The market has been in a consistent sour mood since the beginning of December.  On the last day of November, the Fed chair spoke about slower pace rate hike in December Fed meeting.  The market rallied for one day and then changed mood to be decisively bearish.  The hope for a year-end rally has been drowned with recession talks.  At this point, it is pointless to debate the odds of a recession in 2023 because it is still too far out.  But we are pretty sure that the market is in the late stage of this 4-year cycle.  The Fed is closer to the finish line of the rate hiking cycle.

We are going to run a few long term weekly charts on different sectors to further clarify how the interactions between different sectors will determine the start of the a new bull market.

The first chart is a long term weekly ratio chart on XLY/XLP–Consumer Discretionary against Consumer Staples.  When the XLY/XLP ratio chart is in down trend, it signifies a risk-off environment, meaning that investors have no appetite for risk.  In this weekly chart, you can see that it is below the long term trend line.  This long term trend line is drawn by connecting the 2008 low with the 2020 low.  This chart shows that the market is under going a major correction since the financial crisis.  The Fed is undoing the easy money policy instituted since the 2008 financial crisis in a very rapid pace.  This chart is pointing down right now, the bottom is not in.  Risk appetite is not showing signs of life at the moment.

The second chart is a long term weekly XLE/XPY ratio chart– Energy vs. SPY the general market.  This ratio chart shows that energy sector is still under the long term 2008-2014 trend line despite the war in Ukraine.  The November 2022 top is confirmed and the energy sector will be down for the next two months.  We have to see if it will breach the support line below.  If the support line is broken in the next two months, it will provide great fundamental support for the stock market.

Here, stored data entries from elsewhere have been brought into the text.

Definition covering_on (X Y : finType) (actX : T -> X -> X) (A : {set X})
    (actY : T -> Y -> Y) (B : {set Y}) (p : X -> Y) :=
  [/\ gaction_on actX A, gaction_on actY B,
      forall x, x \in A -> p x \in B,
      forall g x, x \in A -> p (actX g x) = actY g (p x) &
      forall y, y \in B -> #|[set x in A | p x == y]| = 2].

End Defs.

Definition act_set (T : Type) (X : finType) (act : T -> X -> X) (g : T)
  (A : {set X}) : {set X} := act g @: A.

Definition ordering (X : finType) : {set {ffun 'I_#|X| -> X}} :=
  [set o : {ffun 'I_#|X| -> X} | injectiveb o].

Definition orbitA (X : finType) (o : {ffun 'I_#|X| -> X}) :
    {set {ffun 'I_#|X| -> X}} :=
  [set o' : {ffun 'I_#|X| -> X} | [exists s : 'S_#|X|, ~~ odd_perm s && (o' == [ffun i => o (s i)])]].

Definition Delta (X : finType) : {set {set {ffun 'I_#|X| -> X}}} :=
  [set orbitA o | o in ordering X].

Definition act_ord (T : Type) (X : finType) (act : T -> X -> X) (g : T)
  (o : {ffun 'I_#|X| -> X}) : {ffun 'I_#|X| -> X} := [ffun i => act g (o i)].
Definition act_Delta (T : Type) (X : finType) (act : T -> X -> X) (g : T)
  (D : {set {ffun 'I_#|X| -> X}}) := [set act_ord act g o | o in D].

(* An orientation of Z: an isomorphism of Gamma-sets {1,2} -> Delta(Z),
   where {1,2} is represented by 'I_2 (index 0 <-> 1, index 1 <-> 2) with
   the trivial action. *)
Definition orientation (T : Type) (Z : finType) (act : T -> Z -> Z)
    (d : 'I_2 -> {set {ffun 'I_#|Z| -> Z}}) :=
  [/\ injective d, [set d i | i : 'I_2] = Delta Z &
      forall g i, act_Delta act g (d i) = d i].
(* If $R$ is a right almost perfect ring, then every non-faithful left $R$-module is semiartinian.
   Context: Rings are associative with identity $1\neq 0$. A ring $R$ is called right almost perfect if $R/I$ is a right perfect ring for every two-sided ideal $I$ of $R$ with $I\neq 0$ and $I\neq R$. A module $M$ is non-faithful if its annihilator in $R$ is non-zero. A module $M$ is semiartinian if every non-zero homomorphic image of $M$ contains a simple submodule (equivalently, every homomorphic image of $M$ is an essential extension of its socle). *)

From HB Require Import structures.
From mathcomp Require Import all_boot all_order all_algebra.
Set Implicit Arguments. Unset Strict Implicit. Unset Printing Implicit Defensive.
Import GRing.Theory.
Local Open Scope ring_scope.

Definition left_ideal (R : nzRingType) (L : R -> Prop) : Prop :=
  [/\ L 0, (forall x y, L x -> L y -> L (x + y)) & (forall r x, L x -> L (r * x))].

Definition two_sided_ideal (R : nzRingType) (I : R -> Prop) : Prop :=
  [/\ left_ideal I & (forall r x, I x -> I (x * r))].

Definition maximal_left_ideal (R : nzRingType) (L : R -> Prop) : Prop :=
  [/\ left_ideal L, ~ L 1 &
      forall L' : R -> Prop, left_ideal L' -> (forall x, L x -> L' x) ->
        L' 1 \/ (forall x, L' x -> L x)].

Definition jacobson (R : nzRingType) (x : R) : Prop :=
  forall L : R -> Prop, maximal_left_ideal L -> L x.

Fixpoint rev_prod (R : nzRingType) (a : nat -> R) (n : nat) : R :=
  match n with
  | 0 => a 0%N
  | m.+1 => a m.+1 * rev_prod a m
  end.

(* right T-nilpotent: for every sequence a_0, a_1, ... in A, some product
   a_n ... a_1 a_0 vanishes (the condition making M A <> M for every nonzero
   right module M) *)
Definition right_T_nilpotent (R : nzRingType) (A : R -> Prop) : Prop :=
  forall a : nat -> R, (forall n, A (a n)) -> exists n, rev_prod a n = 0.

(* semisimple ring: the left regular module is semisimple, i.e. every left
   ideal is a direct summand of R *)
Definition semisimple_ring (R : nzRingType) : Prop :=
  forall L : R -> Prop, left_ideal L ->
    exists L' : R -> Prop, [/\ left_ideal L',
      (forall x, L x -> L' x -> x = 0) &
      (forall x, exists y z, [/\ L y, L' z & x = y + z])].
(* Let $\Pi(0)\subsetneq\Pi(1)\subsetneq\cdots\subsetneq\Pi(t-1)$ be fixed subspaces of $\mathbb{F}_q^n$ with $\dim\Pi(j)=d_j$. For $x\in\{u,v\}$ and $j=1,\dots,t$, let $\pi_x(j)$ be the span of $k_x(j)$ vectors chosen uniformly at random from $\Pi(j-1)$, all these draws (over $x$, $j$ and the individual vectors) being mutually independent, where the integers $k_x(j)$ satisfy $1\le k_x(1)<d_0$ and $k_x(j)\le d_{j-1}-d_{j-2}$ for $j=2,\dots,t$. Put $\Pi_x(i)=\sum_{j=1}^i\pi_x(j)$. Then with probability $1-O(q^{-1})$, \[ \Pi_u(i)\not\subseteq\Pi_v(j)\quad\text{and}\quad\Pi_v(j)\not\subseteq\Pi_u(i)\qquad\text{for all } i,j\in\{1,\dots,t\}. \]
   Context: $O(\cdot)$ refers to $q\to\infty$ with $n,t$ and all dimensions and numbers $k_x(j)$ fixed. *)

From HB Require Import structures.
From mathcomp Require Import all_boot all_order all_algebra.
Set Implicit Arguments. Unset Strict Implicit. Unset Printing Implicit Defensive.
Import Order.TTheory GRing.Theory Num.Theory.

(* Indices: x : bool (true = u, false = v); paper's j = 1..t is j : 'I_t
   (paper index j+1), drawn from Pi(j) (paper's Pi(j-1) after shift).
   A draw is a finite function w : bool * 'I_t * 'I_n -> F^n; the i-th vector
   of pi_x(j) is w (x,j,i) for i < k x j; unused slots are padded by 0. *)

Definition draw (F : finFieldType) (n t : nat) :=
  {ffun bool * 'I_t * 'I_n -> 'rV[F]_n}.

The next chart is a long term weekly ratio chart of XLV/SPY, Healthcare against the general market.  Healthcare is the sector where investors hide during recession.  You can see that right now the Healthcare XLV is in a bull market locked in the up trend channel lines.  When the XLV/SPY ratio chart makes a top, the bottom in the general market is not too far.  We don’t see a top in XLV yet.

All in all, these ratio charts are showing us:

  1.  The market is undergoing a major correction since the 2008 financial crisis due to rapid monetary policy changes.
  2. Inflation will come down rapidly because the energy sector XLE is still under the long term (2008-2014) trend line despite the war in Ukraine.  Perhaps the ever increasing renewable energy production has changed the traditional energy sector permanently.
  3. The bull market in Healthcare sector is clearly not showing signs of slowing down.  That means the mid October bottom in the general market is not the final one, we need a top in the Healthcare sector to match the bottom in the general market.

The November CPI will be released next Tuesday at 8:30 am and the Fed will speak next Wednesday afternoon.  It is anticipated that the Fed will raise 50-basis-point in the December meeting and the CPI data will show inflation is easing.  The investors may react negatively  to these two events because of the recession worries.  If there are any positive price actions, we would be selling calls and perhaps buying puts in XLE too.

We don’t hold much hope for the year-end rally, mainly because the Energy and Healthcare sectors have behaved such way showing us the general weakness in the stock market.  We anticipate the equities to make a bottom in Q1 2023.